Dataset content below:
(* Let $(A,\mathcal N,\mathcal P,\lambda)$ be a game and $(\sigma,\phi)$ a uniform strategy on it. Then the set $\mathcal S_\phi(\sigma)$ of all bijections $\theta:x\cong y$ between configurations of $\sigma$ such that $\theta$ is the restriction to $x$ of $\phi_\alpha$ for some $\alpha\in\mathcal N$ (with $y=\phi_\alpha(x)$) is an isomorphism family on the event structure $\sigma$, and $p_\sigma$ is a map of event structures with symmetry $(\sigma,\mathcal S_\phi(\sigma))\to(A,\mathcal S)$, where $\mathcal S$ is the closure under composition of $\mathcal S_{\mathcal N}(A)\cup\mathcal S_{\mathcal P}(A)$.
   Context: Event structure: a set with a partial order $\leq$ with finitely many elements below each element, an irreflexive symmetric hereditary conflict $\#$ (if $a\leq a'$, $a\#b$ then $a'\#b$), and polarity into $\{-,+\}$. Configurations: finite down-closed conflict-free subsets, $\mathrm{Conf}(\cdot)$. $x\subseteq^+y$ (resp. $\subseteq^-$): $x\subseteq y$ with $y\setminus x$ all positive (resp. negative). Map of event structures: polarity-preserving function mapping configurations to configurations and injective on each configuration. Automorphism: bijection preserving and reflecting $\leq,\#$, polarity; it fixes $x$ if identity on $x$; negative if whenever it fixes $x$ and $x\subseteq^+y$ it fixes $y$; positive likewise with $\subseteq^-$. Group actions are homomorphisms into automorphism groups. A game $(A,\mathcal N,\mathcal P,\lambda)$: $\mathcal N$ a group acting on $A$ by negative automorphisms, $\mathcal P$ by positive automorphisms, $\lambda:\mathcal N\times\mathcal P\to\mathcal P\times\mathcal N$ with (i) $\lambda(e,\beta)=(\beta,e)$, $\lambda(\alpha,e)=(e,\alpha)$; (ii) if $\lambda(\alpha',\beta)=(\beta_1,\alpha_1)$, $\lambda(\alpha,\beta_1)=(\beta_2,\alpha_2)$ then $\lambda(\alpha\alpha',\beta)=(\beta_2,\alpha_2\alpha_1)$; (iii) if $\lambda(\alpha,\beta)=(\beta_1,\alpha_1)$, $\lambda(\alpha_1,\beta')=(\beta_2,\alpha_2)$ then $\lambda(\alpha,\beta\beta')=(\beta_1\beta_2,\alpha_2)$; (iv) if $\lambda(\alpha,\beta)=(\beta',\alpha')$ then $\alpha(\beta(a))=\beta'(\alpha'(a))$ for all $a$. For a group $G$ acting on $A$, $\mathcal S_G(A)$ is the set of bijections $x\cong g(x)$ ($x\in\mathrm{Conf}(A)$, $g\in G$) obtained by restricting $g$ to $x$. A strategy on $A$ is an event structure $\sigma$ with a map $p_\sigma:\sigma\to A$ such that for every $x\in\mathrm{Conf}(\sigma)$: if $p_\sigma(x)\subseteq^-z$ there is a unique $y\in\mathrm{Conf}(\sigma)$ with $x\subseteq y$, $p_\sigma(y)=z$; if $z\subseteq^+p_\sigma(x)$ there is $y\subseteq x$ in $\mathrm{Conf}(\sigma)$ with $p_\sigma(y)=z$. A weak map $\sigma\to\tau$ is a map $f$ with elements $f[x]\in\mathcal P$ ($x\in\mathrm{Conf}(\sigma)$) such that $f[x](p_\tau(f(s)))=p_\sigma(s)$ for $s\in x$. $\alpha\cdot\sigma$ is $\sigma$ with projection $\alpha\circ p_\sigma$. A uniform strategy is a strategy $\sigma$ with weak maps $\phi_\alpha:\alpha\cdot\sigma\to\sigma$ ($\alpha\in\mathcal N$) such that for all $x\in\mathrm{Conf}(\sigma)$: $\phi_e(x)=x$, $\phi_e[x]=e$; and for all $\alpha,\alpha'\in\mathcal N$, with $y=\phi_\alpha(x)$ and $(\gamma,\beta)=\lambda(\alpha',\phi_\alpha[x])$: $\phi_{\alpha'\alpha}(x)=\phi_\beta(y)$ and $\phi_{\alpha'\alpha}[x]=\gamma\,\phi_\beta[y]$. An isomorphism family on an event structure $E$ is a set $\mathcal S$ of polarity-preserving bijections between configurations, containing all identities, closed under composition and inverses, such that for $\theta:x\cong y$ in $\mathcal S$: restrictions of $\theta$ to subconfigurations $x'\subseteq x$ are in $\mathcal S$, and for every configuration $x'\supseteq x$ there is $\theta':x'\cong y'$ in $\mathcal S$ restricting to $\theta$ on $x$. A map of event structures with symmetry $(E,\mathcal S_E)\to(F,\mathcal S_F)$ is a map of event structures $f:E\to F$ such that for every $\theta:x\cong y$ in $\mathcal S_E$, the bijection $f(x)\cong f(y)$, $f(a)\mapsto f(\theta(a))$, is in $\mathcal S_F$. *)

From Stdlib Require Import List.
End of Dataset content.
→ Your goal
Would you please repeat the entire listing, line for line?

→ Result of the exercise
(* Let $(A,\mathcal N,\mathcal P,\lambda)$ be a game and $(\sigma,\phi)$ a uniform strategy on it. Then the set $\mathcal S_\phi(\sigma)$ of all bijections $\theta:x\cong y$ between configurations of $\sigma$ such that $\theta$ is the restriction to $x$ of $\phi_\alpha$ for some $\alpha\in\mathcal N$ (with $y=\phi_\alpha(x)$) is an isomorphism family on the event structure $\sigma$, and $p_\sigma$ is a map of event structures with symmetry $(\sigma,\mathcal S_\phi(\sigma))\to(A,\mathcal S)$, where $\mathcal S$ is the closure under composition of $\mathcal S_{\mathcal N}(A)\cup\mathcal S_{\mathcal P}(A)$.
   Context: Event structure: a set with a partial order $\leq$ with finitely many elements below each element, an irreflexive symmetric hereditary conflict $\#$ (if $a\leq a'$, $a\#b$ then $a'\#b$), and polarity into $\{-,+\}$. Configurations: finite down-closed conflict-free subsets, $\mathrm{Conf}(\cdot)$. $x\subseteq^+y$ (resp. $\subseteq^-$): $x\subseteq y$ with $y\setminus x$ all positive (resp. negative). Map of event structures: polarity-preserving function mapping configurations to configurations and injective on each configuration. Automorphism: bijection preserving and reflecting $\leq,\#$, polarity; it fixes $x$ if identity on $x$; negative if whenever it fixes $x$ and $x\subseteq^+y$ it fixes $y$; positive likewise with $\subseteq^-$. Group actions are homomorphisms into automorphism groups. A game $(A,\mathcal N,\mathcal P,\lambda)$: $\mathcal N$ a group acting on $A$ by negative automorphisms, $\mathcal P$ by positive automorphisms, $\lambda:\mathcal N\times\mathcal P\to\mathcal P\times\mathcal N$ with (i) $\lambda(e,\beta)=(\beta,e)$, $\lambda(\alpha,e)=(e,\alpha)$; (ii) if $\lambda(\alpha',\beta)=(\beta_1,\alpha_1)$, $\lambda(\alpha,\beta_1)=(\beta_2,\alpha_2)$ then $\lambda(\alpha\alpha',\beta)=(\beta_2,\alpha_2\alpha_1)$; (iii) if $\lambda(\alpha,\beta)=(\beta_1,\alpha_1)$, $\lambda(\alpha_1,\beta')=(\beta_2,\alpha_2)$ then $\lambda(\alpha,\beta\beta')=(\beta_1\beta_2,\alpha_2)$; (iv) if $\lambda(\alpha,\beta)=(\beta',\alpha')$ then $\alpha(\beta(a))=\beta'(\alpha'(a))$ for all $a$. For a group $G$ acting on $A$, $\mathcal S_G(A)$ is the set of bijections $x\cong g(x)$ ($x\in\mathrm{Conf}(A)$, $g\in G$) obtained by restricting $g$ to $x$. A strategy on $A$ is an event structure $\sigma$ with a map $p_\sigma:\sigma\to A$ such that for every $x\in\mathrm{Conf}(\sigma)$: if $p_\sigma(x)\subseteq^-z$ there is a unique $y\in\mathrm{Conf}(\sigma)$ with $x\subseteq y$, $p_\sigma(y)=z$; if $z\subseteq^+p_\sigma(x)$ there is $y\subseteq x$ in $\mathrm{Conf}(\sigma)$ with $p_\sigma(y)=z$. A weak map $\sigma\to\tau$ is a map $f$ with elements $f[x]\in\mathcal P$ ($x\in\mathrm{Conf}(\sigma)$) such that $f[x](p_\tau(f(s)))=p_\sigma(s)$ for $s\in x$. $\alpha\cdot\sigma$ is $\sigma$ with projection $\alpha\circ p_\sigma$. A uniform strategy is a strategy $\sigma$ with weak maps $\phi_\alpha:\alpha\cdot\sigma\to\sigma$ ($\alpha\in\mathcal N$) such that for all $x\in\mathrm{Conf}(\sigma)$: $\phi_e(x)=x$, $\phi_e[x]=e$; and for all $\alpha,\alpha'\in\mathcal N$, with $y=\phi_\alpha(x)$ and $(\gamma,\beta)=\lambda(\alpha',\phi_\alpha[x])$: $\phi_{\alpha'\alpha}(x)=\phi_\beta(y)$ and $\phi_{\alpha'\alpha}[x]=\gamma\,\phi_\beta[y]$. An isomorphism family on an event structure $E$ is a set $\mathcal S$ of polarity-preserving bijections between configurations, containing all identities, closed under composition and inverses, such that for $\theta:x\cong y$ in $\mathcal S$: restrictions of $\theta$ to subconfigurations $x'\subseteq x$ are in $\mathcal S$, and for every configuration $x'\supseteq x$ there is $\theta':x'\cong y'$ in $\mathcal S$ restricting to $\theta$ on $x$. A map of event structures with symmetry $(E,\mathcal S_E)\to(F,\mathcal S_F)$ is a map of event structures $f:E\to F$ such that for every $\theta:x\cong y$ in $\mathcal S_E$, the bijection $f(x)\cong f(y)$, $f(a)\mapsto f(\theta(a))$, is in $\mathcal S_F$. *)

From Stdlib Require Import List.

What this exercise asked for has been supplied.